§ Input material
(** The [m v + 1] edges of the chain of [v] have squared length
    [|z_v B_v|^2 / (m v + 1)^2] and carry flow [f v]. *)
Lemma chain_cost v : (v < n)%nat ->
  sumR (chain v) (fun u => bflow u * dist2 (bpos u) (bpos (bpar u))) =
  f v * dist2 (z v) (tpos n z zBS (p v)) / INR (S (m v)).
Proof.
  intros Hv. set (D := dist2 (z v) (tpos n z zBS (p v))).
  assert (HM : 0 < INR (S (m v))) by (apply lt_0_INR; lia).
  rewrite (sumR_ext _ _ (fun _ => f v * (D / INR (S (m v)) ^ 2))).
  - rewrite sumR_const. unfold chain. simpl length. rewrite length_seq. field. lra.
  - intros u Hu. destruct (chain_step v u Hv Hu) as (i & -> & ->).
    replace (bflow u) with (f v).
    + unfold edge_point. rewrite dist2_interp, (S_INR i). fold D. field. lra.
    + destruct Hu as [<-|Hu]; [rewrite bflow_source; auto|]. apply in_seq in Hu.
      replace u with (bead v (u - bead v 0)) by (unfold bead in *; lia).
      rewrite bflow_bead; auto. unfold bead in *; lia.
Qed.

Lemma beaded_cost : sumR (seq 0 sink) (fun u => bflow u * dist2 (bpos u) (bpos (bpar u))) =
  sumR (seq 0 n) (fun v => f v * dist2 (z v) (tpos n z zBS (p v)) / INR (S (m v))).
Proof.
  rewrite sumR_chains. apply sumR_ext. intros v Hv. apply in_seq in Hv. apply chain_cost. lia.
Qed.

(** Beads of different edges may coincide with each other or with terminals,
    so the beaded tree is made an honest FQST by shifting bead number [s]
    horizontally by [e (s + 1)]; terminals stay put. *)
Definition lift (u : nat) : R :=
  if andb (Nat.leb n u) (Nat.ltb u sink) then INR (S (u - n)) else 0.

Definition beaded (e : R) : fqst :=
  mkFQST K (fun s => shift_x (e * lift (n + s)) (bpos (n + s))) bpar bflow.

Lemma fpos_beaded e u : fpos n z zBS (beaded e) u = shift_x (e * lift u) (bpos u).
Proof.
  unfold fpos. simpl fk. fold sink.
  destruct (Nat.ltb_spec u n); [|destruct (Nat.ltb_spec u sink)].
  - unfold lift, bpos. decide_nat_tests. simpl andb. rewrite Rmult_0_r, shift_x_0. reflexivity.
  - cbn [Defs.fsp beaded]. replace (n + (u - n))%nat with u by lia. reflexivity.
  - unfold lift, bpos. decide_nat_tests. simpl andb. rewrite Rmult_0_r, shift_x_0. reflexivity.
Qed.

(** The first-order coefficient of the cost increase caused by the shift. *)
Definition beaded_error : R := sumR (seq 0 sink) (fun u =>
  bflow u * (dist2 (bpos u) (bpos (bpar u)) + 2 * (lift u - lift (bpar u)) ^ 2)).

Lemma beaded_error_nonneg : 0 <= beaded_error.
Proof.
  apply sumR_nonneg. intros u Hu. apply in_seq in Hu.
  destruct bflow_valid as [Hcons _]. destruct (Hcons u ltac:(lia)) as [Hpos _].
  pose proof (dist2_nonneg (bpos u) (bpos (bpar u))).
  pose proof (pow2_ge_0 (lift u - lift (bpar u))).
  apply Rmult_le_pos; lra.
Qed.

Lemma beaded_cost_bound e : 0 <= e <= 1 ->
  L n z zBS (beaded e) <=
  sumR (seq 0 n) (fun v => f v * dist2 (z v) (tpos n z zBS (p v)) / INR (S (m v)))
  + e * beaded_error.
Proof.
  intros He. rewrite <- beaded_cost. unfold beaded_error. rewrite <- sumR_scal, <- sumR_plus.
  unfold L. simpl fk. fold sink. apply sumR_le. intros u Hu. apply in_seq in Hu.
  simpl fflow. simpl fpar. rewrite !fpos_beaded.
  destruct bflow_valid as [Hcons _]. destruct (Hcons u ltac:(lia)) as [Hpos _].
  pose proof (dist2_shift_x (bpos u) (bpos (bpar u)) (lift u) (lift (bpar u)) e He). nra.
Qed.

==

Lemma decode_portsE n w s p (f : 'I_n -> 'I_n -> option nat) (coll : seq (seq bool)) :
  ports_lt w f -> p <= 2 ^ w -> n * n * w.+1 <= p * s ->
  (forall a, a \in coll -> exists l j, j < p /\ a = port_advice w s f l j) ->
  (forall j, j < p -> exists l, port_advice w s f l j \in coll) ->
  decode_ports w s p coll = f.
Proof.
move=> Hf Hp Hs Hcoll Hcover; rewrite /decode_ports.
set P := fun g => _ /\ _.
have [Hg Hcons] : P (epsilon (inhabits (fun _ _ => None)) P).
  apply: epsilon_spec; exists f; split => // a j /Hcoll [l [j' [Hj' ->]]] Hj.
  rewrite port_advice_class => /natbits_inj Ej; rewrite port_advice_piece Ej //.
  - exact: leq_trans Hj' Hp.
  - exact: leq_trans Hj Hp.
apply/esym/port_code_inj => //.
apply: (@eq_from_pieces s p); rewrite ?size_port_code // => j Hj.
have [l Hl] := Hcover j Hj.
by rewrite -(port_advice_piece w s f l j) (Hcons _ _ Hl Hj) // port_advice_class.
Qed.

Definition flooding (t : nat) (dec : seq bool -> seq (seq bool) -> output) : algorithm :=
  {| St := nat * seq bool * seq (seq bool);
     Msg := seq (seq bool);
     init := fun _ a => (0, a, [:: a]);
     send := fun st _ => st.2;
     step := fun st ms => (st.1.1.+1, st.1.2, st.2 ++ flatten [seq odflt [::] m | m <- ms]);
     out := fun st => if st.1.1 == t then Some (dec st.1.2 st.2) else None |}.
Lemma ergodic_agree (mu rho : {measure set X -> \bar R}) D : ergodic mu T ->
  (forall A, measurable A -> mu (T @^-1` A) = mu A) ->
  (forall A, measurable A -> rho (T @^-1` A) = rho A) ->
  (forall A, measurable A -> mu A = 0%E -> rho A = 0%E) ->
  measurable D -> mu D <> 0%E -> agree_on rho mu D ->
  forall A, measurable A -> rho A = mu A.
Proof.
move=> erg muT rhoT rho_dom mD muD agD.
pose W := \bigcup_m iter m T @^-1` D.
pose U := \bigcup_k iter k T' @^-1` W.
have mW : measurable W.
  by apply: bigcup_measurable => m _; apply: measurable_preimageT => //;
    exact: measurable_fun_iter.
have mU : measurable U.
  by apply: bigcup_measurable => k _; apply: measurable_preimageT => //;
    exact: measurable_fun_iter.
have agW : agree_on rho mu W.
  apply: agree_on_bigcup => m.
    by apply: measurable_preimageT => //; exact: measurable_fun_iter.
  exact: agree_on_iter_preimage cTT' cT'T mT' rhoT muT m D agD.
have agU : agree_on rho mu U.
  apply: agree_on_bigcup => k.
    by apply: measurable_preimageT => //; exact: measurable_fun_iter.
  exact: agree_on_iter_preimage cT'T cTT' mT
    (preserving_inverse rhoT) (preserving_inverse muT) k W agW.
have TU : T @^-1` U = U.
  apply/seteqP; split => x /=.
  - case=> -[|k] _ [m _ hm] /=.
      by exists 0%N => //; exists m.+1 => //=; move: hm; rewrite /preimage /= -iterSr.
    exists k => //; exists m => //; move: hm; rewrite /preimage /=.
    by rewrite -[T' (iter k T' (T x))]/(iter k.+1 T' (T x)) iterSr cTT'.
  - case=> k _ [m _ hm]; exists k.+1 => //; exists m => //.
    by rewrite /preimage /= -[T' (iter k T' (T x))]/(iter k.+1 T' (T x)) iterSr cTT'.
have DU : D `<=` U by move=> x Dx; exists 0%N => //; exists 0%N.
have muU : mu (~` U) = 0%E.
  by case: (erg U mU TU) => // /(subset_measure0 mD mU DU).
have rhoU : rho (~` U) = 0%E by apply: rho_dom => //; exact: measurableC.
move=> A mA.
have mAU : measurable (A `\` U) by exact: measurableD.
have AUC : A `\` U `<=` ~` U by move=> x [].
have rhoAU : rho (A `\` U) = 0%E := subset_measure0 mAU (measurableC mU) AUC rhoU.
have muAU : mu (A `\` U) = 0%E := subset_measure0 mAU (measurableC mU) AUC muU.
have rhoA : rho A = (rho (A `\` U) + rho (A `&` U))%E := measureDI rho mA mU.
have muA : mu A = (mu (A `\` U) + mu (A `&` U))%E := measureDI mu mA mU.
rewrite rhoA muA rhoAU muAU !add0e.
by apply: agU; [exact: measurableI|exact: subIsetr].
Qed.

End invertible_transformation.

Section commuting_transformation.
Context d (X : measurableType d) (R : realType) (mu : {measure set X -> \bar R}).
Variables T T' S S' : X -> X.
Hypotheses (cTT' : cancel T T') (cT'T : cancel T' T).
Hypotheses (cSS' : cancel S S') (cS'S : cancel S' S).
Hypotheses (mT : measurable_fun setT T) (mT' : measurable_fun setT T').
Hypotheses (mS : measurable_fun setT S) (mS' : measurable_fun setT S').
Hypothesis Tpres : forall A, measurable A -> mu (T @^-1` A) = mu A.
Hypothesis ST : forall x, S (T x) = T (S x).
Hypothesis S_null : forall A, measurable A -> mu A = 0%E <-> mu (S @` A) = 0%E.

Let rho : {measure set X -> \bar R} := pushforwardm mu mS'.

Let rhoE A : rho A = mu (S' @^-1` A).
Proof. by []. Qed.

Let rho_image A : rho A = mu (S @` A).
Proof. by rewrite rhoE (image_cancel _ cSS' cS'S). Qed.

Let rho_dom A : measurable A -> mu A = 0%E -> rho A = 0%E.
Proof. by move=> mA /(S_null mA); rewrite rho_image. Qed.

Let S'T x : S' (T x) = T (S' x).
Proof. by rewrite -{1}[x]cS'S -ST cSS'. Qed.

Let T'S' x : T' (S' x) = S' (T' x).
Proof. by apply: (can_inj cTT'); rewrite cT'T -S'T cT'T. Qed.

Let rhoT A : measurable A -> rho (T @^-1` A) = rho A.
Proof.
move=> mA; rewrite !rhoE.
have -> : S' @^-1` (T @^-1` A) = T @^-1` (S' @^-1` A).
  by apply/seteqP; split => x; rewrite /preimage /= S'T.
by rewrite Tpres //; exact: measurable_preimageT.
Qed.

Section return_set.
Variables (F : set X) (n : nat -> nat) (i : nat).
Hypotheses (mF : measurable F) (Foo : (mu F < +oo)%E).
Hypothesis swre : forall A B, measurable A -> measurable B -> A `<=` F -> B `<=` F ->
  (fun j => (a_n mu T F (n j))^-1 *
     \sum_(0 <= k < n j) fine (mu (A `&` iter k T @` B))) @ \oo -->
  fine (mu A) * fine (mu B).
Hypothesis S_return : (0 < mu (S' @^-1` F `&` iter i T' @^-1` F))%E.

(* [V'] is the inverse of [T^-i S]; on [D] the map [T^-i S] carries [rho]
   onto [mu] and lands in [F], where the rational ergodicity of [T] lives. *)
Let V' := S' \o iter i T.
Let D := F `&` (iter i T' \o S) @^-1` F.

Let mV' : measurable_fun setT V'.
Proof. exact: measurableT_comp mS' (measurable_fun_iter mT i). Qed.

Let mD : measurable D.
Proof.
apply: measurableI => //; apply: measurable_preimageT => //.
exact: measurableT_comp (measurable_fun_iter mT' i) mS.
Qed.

§ Your objective
The required output is every line above from the one with "exact: agree_on_iter_preimage cTT'" down to the one with "by exists 0%N", restated word for word, ends included.

§ Solution for this task
  exact: agree_on_iter_preimage cTT' cT'T mT' rhoT muT m D agD.
have agU : agree_on rho mu U.
  apply: agree_on_bigcup => k.
    by apply: measurable_preimageT => //; exact: measurable_fun_iter.
  exact: agree_on_iter_preimage cT'T cTT' mT
    (preserving_inverse rhoT) (preserving_inverse muT) k W agW.
have TU : T @^-1` U = U.
  apply/seteqP; split => x /=.
  - case=> -[|k] _ [m _ hm] /=.
      by exists 0%N => //; exists m.+1 => //=; move: hm; rewrite /preimage /= -iterSr.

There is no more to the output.